INPUT DATA:
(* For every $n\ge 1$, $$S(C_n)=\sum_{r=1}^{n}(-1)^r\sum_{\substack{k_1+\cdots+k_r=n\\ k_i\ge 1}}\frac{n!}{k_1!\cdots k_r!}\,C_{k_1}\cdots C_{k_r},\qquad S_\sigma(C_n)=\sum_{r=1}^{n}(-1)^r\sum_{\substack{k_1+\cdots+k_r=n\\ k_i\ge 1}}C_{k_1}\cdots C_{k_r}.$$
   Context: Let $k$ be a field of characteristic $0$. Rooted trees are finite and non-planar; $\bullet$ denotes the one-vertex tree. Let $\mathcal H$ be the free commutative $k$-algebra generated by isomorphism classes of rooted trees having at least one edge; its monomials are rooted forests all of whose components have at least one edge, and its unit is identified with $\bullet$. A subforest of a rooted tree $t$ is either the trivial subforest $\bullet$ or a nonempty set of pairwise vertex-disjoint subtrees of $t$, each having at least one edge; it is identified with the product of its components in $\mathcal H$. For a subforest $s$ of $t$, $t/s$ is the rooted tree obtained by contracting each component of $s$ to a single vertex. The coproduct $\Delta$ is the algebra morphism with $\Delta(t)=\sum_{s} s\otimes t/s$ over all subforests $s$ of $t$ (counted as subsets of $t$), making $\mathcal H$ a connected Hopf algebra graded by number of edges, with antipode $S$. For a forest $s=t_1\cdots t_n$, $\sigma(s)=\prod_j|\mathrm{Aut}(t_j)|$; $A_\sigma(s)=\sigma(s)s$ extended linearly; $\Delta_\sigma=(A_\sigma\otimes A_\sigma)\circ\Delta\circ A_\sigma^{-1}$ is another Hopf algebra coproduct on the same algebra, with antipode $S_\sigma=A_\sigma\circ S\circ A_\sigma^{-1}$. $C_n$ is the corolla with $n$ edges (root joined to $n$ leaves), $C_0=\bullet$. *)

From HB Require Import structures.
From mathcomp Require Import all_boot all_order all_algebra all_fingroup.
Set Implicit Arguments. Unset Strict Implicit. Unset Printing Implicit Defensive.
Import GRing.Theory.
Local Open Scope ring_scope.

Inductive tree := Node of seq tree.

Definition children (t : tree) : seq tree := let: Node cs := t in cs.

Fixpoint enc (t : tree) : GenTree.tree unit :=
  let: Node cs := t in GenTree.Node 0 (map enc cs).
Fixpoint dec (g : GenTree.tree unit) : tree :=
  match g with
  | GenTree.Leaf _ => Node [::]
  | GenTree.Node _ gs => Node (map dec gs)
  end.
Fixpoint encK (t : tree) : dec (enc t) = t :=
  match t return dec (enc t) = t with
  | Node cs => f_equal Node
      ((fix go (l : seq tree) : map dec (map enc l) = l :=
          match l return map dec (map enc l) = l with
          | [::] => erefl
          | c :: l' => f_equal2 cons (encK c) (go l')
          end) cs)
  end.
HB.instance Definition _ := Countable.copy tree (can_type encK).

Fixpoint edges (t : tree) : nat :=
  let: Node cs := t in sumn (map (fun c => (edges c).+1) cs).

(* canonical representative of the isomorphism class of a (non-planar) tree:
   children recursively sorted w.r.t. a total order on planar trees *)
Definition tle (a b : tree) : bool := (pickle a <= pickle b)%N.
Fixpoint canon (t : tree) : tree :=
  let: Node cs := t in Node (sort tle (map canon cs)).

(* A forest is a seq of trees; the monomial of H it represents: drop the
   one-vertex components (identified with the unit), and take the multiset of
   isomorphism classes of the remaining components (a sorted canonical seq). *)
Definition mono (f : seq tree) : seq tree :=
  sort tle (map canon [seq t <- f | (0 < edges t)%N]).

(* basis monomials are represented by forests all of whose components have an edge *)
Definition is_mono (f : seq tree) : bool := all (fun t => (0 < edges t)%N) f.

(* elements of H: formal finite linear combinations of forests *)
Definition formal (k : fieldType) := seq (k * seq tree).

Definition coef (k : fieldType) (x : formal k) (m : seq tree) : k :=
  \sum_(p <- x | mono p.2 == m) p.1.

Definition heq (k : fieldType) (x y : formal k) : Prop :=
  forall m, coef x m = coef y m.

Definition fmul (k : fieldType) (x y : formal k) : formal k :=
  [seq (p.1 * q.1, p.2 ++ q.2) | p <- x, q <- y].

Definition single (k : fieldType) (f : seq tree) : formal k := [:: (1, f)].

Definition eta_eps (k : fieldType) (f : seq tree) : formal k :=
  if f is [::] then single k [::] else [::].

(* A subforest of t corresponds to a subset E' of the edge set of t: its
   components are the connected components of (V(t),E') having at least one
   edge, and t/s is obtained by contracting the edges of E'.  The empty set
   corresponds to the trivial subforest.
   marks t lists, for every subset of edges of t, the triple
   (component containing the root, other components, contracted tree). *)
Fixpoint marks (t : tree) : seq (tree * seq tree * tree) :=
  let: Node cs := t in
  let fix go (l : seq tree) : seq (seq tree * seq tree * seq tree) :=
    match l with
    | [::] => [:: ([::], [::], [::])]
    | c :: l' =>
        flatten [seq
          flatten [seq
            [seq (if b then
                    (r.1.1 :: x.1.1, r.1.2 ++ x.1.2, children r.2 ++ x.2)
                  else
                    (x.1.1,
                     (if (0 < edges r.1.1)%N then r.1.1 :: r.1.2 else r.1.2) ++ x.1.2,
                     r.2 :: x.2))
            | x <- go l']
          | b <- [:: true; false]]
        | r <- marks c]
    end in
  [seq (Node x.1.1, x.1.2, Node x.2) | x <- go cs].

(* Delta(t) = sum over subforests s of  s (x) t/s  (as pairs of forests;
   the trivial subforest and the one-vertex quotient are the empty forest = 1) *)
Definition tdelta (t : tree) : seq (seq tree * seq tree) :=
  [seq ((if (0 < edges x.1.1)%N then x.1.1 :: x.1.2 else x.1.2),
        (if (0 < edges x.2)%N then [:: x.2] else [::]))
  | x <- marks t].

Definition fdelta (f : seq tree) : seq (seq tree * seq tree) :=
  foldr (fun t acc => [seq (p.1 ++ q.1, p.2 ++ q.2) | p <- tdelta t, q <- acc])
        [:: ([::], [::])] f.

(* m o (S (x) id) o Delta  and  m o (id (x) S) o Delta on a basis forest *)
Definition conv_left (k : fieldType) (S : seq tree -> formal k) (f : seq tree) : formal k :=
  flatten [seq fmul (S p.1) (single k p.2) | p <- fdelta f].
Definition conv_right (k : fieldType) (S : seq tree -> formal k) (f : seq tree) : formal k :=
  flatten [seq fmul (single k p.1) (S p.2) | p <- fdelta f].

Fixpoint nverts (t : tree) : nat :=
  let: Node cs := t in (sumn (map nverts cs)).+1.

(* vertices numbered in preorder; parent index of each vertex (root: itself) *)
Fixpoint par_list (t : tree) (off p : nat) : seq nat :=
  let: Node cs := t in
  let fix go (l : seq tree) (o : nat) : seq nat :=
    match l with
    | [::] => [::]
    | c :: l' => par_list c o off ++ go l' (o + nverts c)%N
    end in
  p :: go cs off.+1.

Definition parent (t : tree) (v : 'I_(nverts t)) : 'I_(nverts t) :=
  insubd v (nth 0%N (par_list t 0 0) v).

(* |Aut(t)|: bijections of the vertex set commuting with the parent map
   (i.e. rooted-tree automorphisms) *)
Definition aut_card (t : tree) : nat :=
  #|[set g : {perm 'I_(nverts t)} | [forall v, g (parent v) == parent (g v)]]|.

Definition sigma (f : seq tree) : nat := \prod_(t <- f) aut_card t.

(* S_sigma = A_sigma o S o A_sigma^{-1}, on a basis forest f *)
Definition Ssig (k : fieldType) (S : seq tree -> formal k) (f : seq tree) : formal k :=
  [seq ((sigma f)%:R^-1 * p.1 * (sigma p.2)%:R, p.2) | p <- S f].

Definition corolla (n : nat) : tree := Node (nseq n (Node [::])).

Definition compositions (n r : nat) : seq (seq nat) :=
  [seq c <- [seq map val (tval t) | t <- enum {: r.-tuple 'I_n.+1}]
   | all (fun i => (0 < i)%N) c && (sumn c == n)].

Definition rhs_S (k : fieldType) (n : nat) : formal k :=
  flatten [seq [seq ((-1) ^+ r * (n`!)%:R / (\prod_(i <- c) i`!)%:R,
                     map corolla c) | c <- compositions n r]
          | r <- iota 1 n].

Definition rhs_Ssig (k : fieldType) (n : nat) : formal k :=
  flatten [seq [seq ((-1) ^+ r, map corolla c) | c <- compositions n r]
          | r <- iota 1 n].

INSTRUCTIONS TO FOLLOW:
Please go through the listing and return each line that has "bool" in it.

OUTPUT OF THE TASK:
Definition tle (a b : tree) : bool := (pickle a <= pickle b)%N.
Definition is_mono (f : seq tree) : bool := all (fun t => (0 < edges t)%N) f.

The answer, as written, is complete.